[To do]: Wherever the listing has a line with the string "mathcomp", copy that line out.

[Stored data]:
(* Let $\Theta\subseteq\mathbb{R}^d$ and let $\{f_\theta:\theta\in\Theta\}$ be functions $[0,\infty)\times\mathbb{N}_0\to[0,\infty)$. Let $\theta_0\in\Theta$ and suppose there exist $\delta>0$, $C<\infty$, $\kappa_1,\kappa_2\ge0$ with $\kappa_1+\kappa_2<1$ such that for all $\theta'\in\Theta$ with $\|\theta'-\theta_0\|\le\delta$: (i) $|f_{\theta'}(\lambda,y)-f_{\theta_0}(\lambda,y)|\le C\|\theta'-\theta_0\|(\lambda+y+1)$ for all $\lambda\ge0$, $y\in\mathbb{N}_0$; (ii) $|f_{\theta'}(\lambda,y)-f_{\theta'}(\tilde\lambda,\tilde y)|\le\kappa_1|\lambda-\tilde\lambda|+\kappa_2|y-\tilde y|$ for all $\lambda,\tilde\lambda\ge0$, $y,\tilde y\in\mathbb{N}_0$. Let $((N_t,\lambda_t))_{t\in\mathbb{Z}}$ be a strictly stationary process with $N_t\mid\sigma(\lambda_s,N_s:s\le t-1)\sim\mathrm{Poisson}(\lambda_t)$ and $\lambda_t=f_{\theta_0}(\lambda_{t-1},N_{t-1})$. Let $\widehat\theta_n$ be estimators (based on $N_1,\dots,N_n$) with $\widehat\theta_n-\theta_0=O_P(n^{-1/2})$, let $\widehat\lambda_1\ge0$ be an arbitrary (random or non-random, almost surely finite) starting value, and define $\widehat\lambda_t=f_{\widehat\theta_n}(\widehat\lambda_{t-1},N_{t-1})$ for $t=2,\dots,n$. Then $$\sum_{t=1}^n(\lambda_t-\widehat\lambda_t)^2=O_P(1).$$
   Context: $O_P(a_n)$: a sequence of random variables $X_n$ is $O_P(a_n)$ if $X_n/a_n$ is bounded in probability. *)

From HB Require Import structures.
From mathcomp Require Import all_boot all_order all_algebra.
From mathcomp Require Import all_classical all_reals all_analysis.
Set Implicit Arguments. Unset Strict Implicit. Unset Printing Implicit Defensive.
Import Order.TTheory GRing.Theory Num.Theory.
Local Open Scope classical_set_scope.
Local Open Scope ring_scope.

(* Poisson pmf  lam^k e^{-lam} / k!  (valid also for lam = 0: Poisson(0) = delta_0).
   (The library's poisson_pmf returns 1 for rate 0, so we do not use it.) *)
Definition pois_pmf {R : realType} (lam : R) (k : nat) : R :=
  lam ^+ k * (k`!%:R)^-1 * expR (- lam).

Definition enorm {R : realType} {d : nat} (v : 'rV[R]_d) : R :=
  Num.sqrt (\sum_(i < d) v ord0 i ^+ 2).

[Task output]:
From mathcomp Require Import all_boot all_order all_algebra.
From mathcomp Require Import all_classical all_reals all_analysis.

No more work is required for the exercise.